Service for Sunday, April 29, 2012
When I need a recharge; when my mind gets full of debris
and clutter and fret and furor; like Hercules, I prefer to
divert a river through it to wash it clean and get things
back to order. This photo is a bit grainy, but I’m in the
stern of the drab little craft in the background being
upstaged by the flashy kayaker speeding by in the
foreground. As the song describes, there’s nothing quite
like the moments when “I’ve got peace like a river in my
soul.”
But what sort of peace is that anyway, a river-like peace?

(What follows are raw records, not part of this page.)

Lemma bridge_split_count (V : finType) (C C1 e : {set V}) c a : C1 \subset C ->
  c \in C -> a \in C -> c \notin C1 -> a \in C1 -> e != set0 ->
  ((e \subset C :\: C1) + (e == [set c; a]) + (e \subset C1) <= (e \subset C))%N.
Proof.
move=> C1C cC aC cC1 aC1 /set0Pn[x xe].
have sub1 : (e \subset C1) ==> (e \subset C) by apply/implyP => /subset_trans/(_ C1C).
have sub2 : (e \subset C :\: C1) ==> (e \subset C).
  by apply/implyP => /subset_trans/(_ (subsetDl C C1)).
have sub_ca : (e == [set c; a]) ==> (e \subset C).
  by apply/implyP => /eqP->; rewrite subUset !sub1set cC aC.
have not_both : ~~ ((e \subset C1) && (e \subset C :\: C1)).
  by apply/negP => /andP[/subsetP/(_ x xe) xC1 /subsetP/(_ x xe)]; rewrite inE xC1.
have ca_C1 : (e == [set c; a]) ==> ~~ (e \subset C1).
  by apply/implyP => /eqP->; rewrite subUset !sub1set (negbTE cC1).
have ca_C2 : (e == [set c; a]) ==> ~~ (e \subset C :\: C1).
  by apply/implyP => /eqP->; rewrite subUset !sub1set !inE aC1 !andbF.
move: sub1 sub2 sub_ca not_both ca_C1 ca_C2.
by case: (e \subset C1); case: (e \subset C :\: C1); case: (e == _); case: (e \subset C).
Qed.

Section TreeWeights.
Variables (R : realFieldType) (V : finType) (d : V -> V -> R) (T : {set {set V}}).
Hypothesis d_metric : is_metric d.

Definition tweight (f : {set V} -> nat) : R := \sum_(e in T) (f e)%:R * ewt d e.

Lemma tweight_ge0 f : 0 <= tweight f.
Proof. by apply: sumr_ge0 => e _; rewrite mulr_ge0 ?ewt_ge0. Qed.

Lemma ler_tweight f g : {in T, forall e, f e <= g e}%N -> tweight f <= tweight g.
Proof.
by move=> le_fg; apply: ler_sum => e eT; rewrite ler_wpM2r ?ewt_ge0 ?ler_nat ?le_fg.
Qed.

Lemma tweightD f g : tweight f + tweight g = tweight (fun e => f e + g e)%N.
Proof. by rewrite -big_split; apply: eq_bigr => e _; rewrite natrD mulrDl. Qed.

Lemma tweightMn f : tweight f *+ 2 = tweight (fun e => f e * 2)%N.
Proof. by rewrite -sumrMnl; apply: eq_bigr => e _; rewrite natrM mulrAC mulr_natr. Qed.

Lemma ewt_tweight e0 : e0 \in T -> ewt d e0 = tweight (fun e => e == e0).
Proof.
move=> e0T; rewrite /tweight (bigD1 e0) //= eqxx mul1r big1 ?addr0 //.
by move=> e /andP[_ /negbTE ->]; rewrite mul0r.
Qed.

Lemma tweight_sum n (f : 'I_n -> {set V} -> nat) :
  \sum_(i < n) tweight (f i) = tweight (fun e => \sum_(i < n) f i e)%N.
Proof.
rewrite /tweight exchange_big; apply: eq_bigr => e _.
by rewrite -mulr_suml -natr_sum.
Qed.

Lemma tweight_const k : tweight (fun _ => k) = k%:R * wsum d T.
Proof. by rewrite /tweight /wsum mulr_sumr. Qed.

Hypothesis T_pairs : {in T, forall e : {set V}, #|e| == 2%N}.
(* Let $\mathcal{R}$ be a left-connected rewriting system over a signature $\Sigma$, let $L_1$ and $L_2$ be the left-hand sides of two rules of $\mathcal{R}$, and let $(g_1,g_2\colon G\to L_1+L_2)$ be a gluing scheme that yields a pre-critical pair. If a node $A$ of $L_1$ and a node $B$ of $L_2$ are glued, then one of the following holds: (a) there are glued hyperedges $e_1$ of $L_1$ and $e_2$ of $L_2$ and an index $k$ such that $A$ is the $k$-th source of $e_1$ and $B$ is the $k$-th source of $e_2$; (b) there are glued hyperedges $e_1$ of $L_1$ and $e_2$ of $L_2$ and an index $i$ such that $A$ is the $i$-th target of $e_1$ and $B$ is the $i$-th target of $e_2$; (c) $A\in out(L_1)$ and $B\in in(L_2)$; (d) $A\in in(L_1)$ and $B\in out(L_2)$.
   Context: A signature $\Sigma$ is a set of triples $(x,n,m)$ (label, arity, coarity). A $\Sigma$-hypergraph $G=(V,E,s,t,l)$ has finite sets $V$ (nodes), $E$ (hyperedges), maps $s,t\colon E\to V^*$ (lists of sources/targets) and a labelling $l\colon E\to\Sigma$ sending a hyperedge with $n$ sources and $m$ targets to some $(x,n,m)$. Morphisms $f=(f_V,f_E)$ preserve sources, targets and labels; they form the category $\mathbf{Hyp}_\Sigma$, where colimits are computed componentwise and monos/epis are injective/surjective on nodes and hyperedges. Composition is written $f;g$; $\iota_1,\iota_2$ are coprojections. A hypergraph is discrete if it has no hyperedges. A path is a list of hyperedges $[e_1,\dots,e_n]$ with some target of $e_k$ equal to a source of $e_{k+1}$ for each $k$; it goes from $v$ to $v'$ if $v$ is a source of $e_1$ and $v'$ a target of $e_n$; a cycle is a path with some source of $e_1$ a target of $e_n$. In-degree (out-degree) of a node $v$: number of pairs $(e,i)$ with $v$ the $i$-th target (source) of $e$; $in(H)$, $out(H)$: nodes of in-degree $0$, out-degree $0$. $H$ is ma (monogamous acyclic) if it has no cycle and all in- and out-degrees are $\le 1$. A cospan $I\to H\leftarrow O$ with $I,O$ discrete is an ma-cospan if $H$ is ma and the legs are mono with images $in(H)$ and $out(H)$. $H$ is strongly connected if for all $x\in in(H)$, $y\in out(H)$ there is a path from $x$ to $y$. A left-connected rule is a span $L\xleftarrow{[i_L,o_L]}I+O\xrightarrow{[i_R,o_R]}R$ with $I,O$ discrete, $I\to L\leftarrow O$ and $I\to R\leftarrow O$ ma-cospans, $[i_L,o_L]$ mono and $L$ strongly connected; a left-connected rewriting system is a finite set of such rules. A convex match is a mono $m\colon L\to G$ such that every path in $G$ between two nodes of $m(L)$ has all its hyperedges in $m(L)$. A derivation between ma-cospans $n\to G\leftarrow m$ and $n\to H\leftarrow m$ via a rule $L\leftarrow K\to R$ is given by a convex match $L\to G$ and a double-pushout diagram $L\leftarrow K\to R$ over $G\leftarrow C\to H$ with both squares pushouts (the left one a boundary complement, which is automatic for left-connected systems) commuting with the interface $n+m$; for left-connected systems mono matches are automatically convex and pushout complements exist uniquely. A pre-critical pair consists of two derivations, via rules with left-hand sides $L_1,L_2$, from a common ma-cospan $n\to S\leftarrow m$ with matches $m_1,m_2$ such that $[m_1,m_2]\colon L_1+L_2\to S$ is epi. A gluing scheme for $L_1,L_2$ is a $\Sigma$-hypergraph $G$ with morphisms $g_1,g_2\colon G\to L_1+L_2$; its gluing is the coequaliser $\epsilon\colon L_1+L_2\to S=\mathtt{coeq}(g_1,g_2)$. Two nodes (or hyperedges) $x,x'$ of $L_1+L_2$ are glued if some node (hyperedge) $y$ of $G$ has $g_1(y)=x$, $g_2(y)=x'$. The gluing scheme yields a pre-critical pair if $\iota_1;\epsilon$ and $\iota_2;\epsilon$ are mono and $in(S)\xrightarrow{\subseteq}S\xleftarrow{\subseteq}out(S)$ is an ma-cospan; the pre-critical pair is then formed by the (unique) derivations from this ma-cospan with matches $\iota_1;\epsilon$ and $\iota_2;\epsilon$. *)

From HB Require Import structures.
From mathcomp Require Import all_boot.
Set Implicit Arguments. Unset Strict Implicit. Unset Printing Implicit Defensive.

Record signature := Signature {
  sym :> Type;
  ar : sym -> nat;
  coar : sym -> nat }.

Section Hyp.
Variable Sig : signature.

Record hyp := Hyp {
  hV : finType;
  hE : finType;
  hsrc : hE -> seq hV;
  htgt : hE -> seq hV;
  hlab : hE -> sym Sig;
  hsrc_size : forall e, size (hsrc e) = ar (hlab e);
  htgt_size : forall e, size (htgt e) = coar (hlab e) }.

Record hmor (G H : hyp) := HMor {
  mV : hV G -> hV H;
  mE : hE G -> hE H;
  mor_src : forall e, hsrc (mE e) = map mV (hsrc e);
  mor_tgt : forall e, htgt (mE e) = map mV (htgt e);
  mor_lab : forall e, hlab (mE e) = hlab e }.

Definition mor_eq G H (f g : hmor G H) :=
  mV f =1 mV g /\ mE f =1 mE g.

Definition comp G H K (f : hmor G H) (g : hmor H K) : hmor G K.
Proof.
refine (@HMor G K (mV g \o mV f) (mE g \o mE f) _ _ _) => e /=.
- by rewrite mor_src mor_src map_comp.
- by rewrite mor_tgt mor_tgt map_comp.
- by rewrite !mor_lab.
Defined.

Definition mono G H (f : hmor G H) := injective (mV f) /\ injective (mE f).

Definition discrete (G : hyp) := #|hE G| = 0.

Definition coprod (G H : hyp) : hyp.
Proof.
refine (@Hyp (hV G + hV H)%type (hE G + hE H)%type
  (fun e => match e with inl e => map inl (hsrc e) | inr e => map inr (hsrc e) end)
  (fun e => match e with inl e => map inl (htgt e) | inr e => map inr (htgt e) end)
  (fun e => match e with inl e => hlab e | inr e => hlab e end) _ _);
  by case=> e; rewrite size_map ?hsrc_size ?htgt_size.
Defined.

Definition inj1 G H : hmor G (coprod G H).
Proof. by refine (@HMor G (coprod G H) inl inl _ _ _). Defined.
Definition inj2 G H : hmor H (coprod G H).
Proof. by refine (@HMor H (coprod G H) inr inr _ _ _). Defined.

Definition copair G H K (f : hmor G K) (g : hmor H K) : hmor (coprod G H) K.
Proof.
refine (@HMor (coprod G H) K
  (fun v => match v with inl v => mV f v | inr v => mV g v end)
  (fun e => match e with inl e => mE f e | inr e => mE g e end) _ _ _);
  case=> e /=; rewrite ?mor_src ?mor_tgt ?mor_lab -?map_comp //.
Defined.

Definition is_coeq A B C (f1 f2 : hmor A B) (q : hmor B C) :=
  mor_eq (comp f1 q) (comp f2 q) /\
  forall D (h : hmor B D), mor_eq (comp f1 h) (comp f2 h) ->
    exists u : hmor C D, mor_eq (comp q u) h /\
      forall u' : hmor C D, mor_eq (comp q u') h -> mor_eq u u'.

Definition indeg (G : hyp) (v : hV G) := \sum_(e : hE G) count_mem v (htgt e).
Definition outdeg (G : hyp) (v : hV G) := \sum_(e : hE G) count_mem v (hsrc e).
Definition inset (G : hyp) : pred (hV G) := fun v => indeg v == 0.
Definition outset (G : hyp) : pred (hV G) := fun v => outdeg v == 0.
Arguments inset : clear implicits.
Arguments outset : clear implicits.

Definition linked (G : hyp) (e f : hE G) := has (fun v => v \in hsrc f) (htgt e).

Definition is_path_from (G : hyp) (v v' : hV G) (p : seq (hE G)) :=
  match p with
  | [::] => False
  | e :: p' => [/\ path (@linked G) e p', v \in hsrc e & v' \in htgt (last e p')]
  end.

Definition is_cycle (G : hyp) (p : seq (hE G)) :=
  match p with
  | [::] => False
  | e :: p' => path (@linked G) e p' /\ linked (last e p') e
  end.

Definition is_ma (G : hyp) :=
  [/\ forall p : seq (hE G), ~ is_cycle p,
      forall v : hV G, indeg v <= 1 & forall v : hV G, outdeg v <= 1].

Definition ma_cospan (I H O : hyp) (i : hmor I H) (o : hmor O H) :=
  [/\ discrete I, discrete O, is_ma H, mono i & mono o] /\
  (forall v, (v \in inset H) = (v \in codom (mV i))) /\
  (forall v, (v \in outset H) = (v \in codom (mV o))).

Definition strongly_connected (G : hyp) :=
  forall x y : hV G, x \in inset G -> y \in outset G ->
    exists p, is_path_from x y p.

Record lc_rule := LCRule {
  rL : hyp; rR : hyp; rI : hyp; rO : hyp;
  riL : hmor rI rL; roL : hmor rO rL;
  riR : hmor rI rR; roR : hmor rO rR;
  rI_discrete : discrete rI;
  rO_discrete : discrete rO;
  rL_macospan : ma_cospan riL roL;
  rR_macospan : ma_cospan riR roR;
  rL_mono : mono (copair riL roL);
  rL_sc : strongly_connected rL }.

Definition discr_on (G : hyp) (P : pred (hV G)) : hyp.
Proof.
refine (@Hyp {v : hV G | P v} 'I_0 (fun e => [::]) (fun e => [::])
               (fun e => match e with Ordinal _ h => False_rect _ (notF h) end) _ _);
by case.
Defined.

Gaze across that tranquil stream, around the boaters and
through the lily pads in the distance. Is this river a place of
calm, still peace? Certainly not.
Look beneath the surface, watch the fish dart back and
forth, or work their fins steadily just to hover in one spot
against the current and watch us drift by. Listen to the
croak and chirp of frog and toad along the margins, the
buzz of dragonfly wings skimming across the water. Hear
the prehistoric disturbance as a heron registers her
complaint that some canoeist has dared to get too close.
Numerous other birds call from bank to bank going about
their avian business. What we think of as a tranquil,
peaceful morning on the river is really a communion with
a good sample of the interdependent web of life in one
easy to reach location.
© 2012, Cal Frye, under a Creative Commons Attribution 3.0 US License.!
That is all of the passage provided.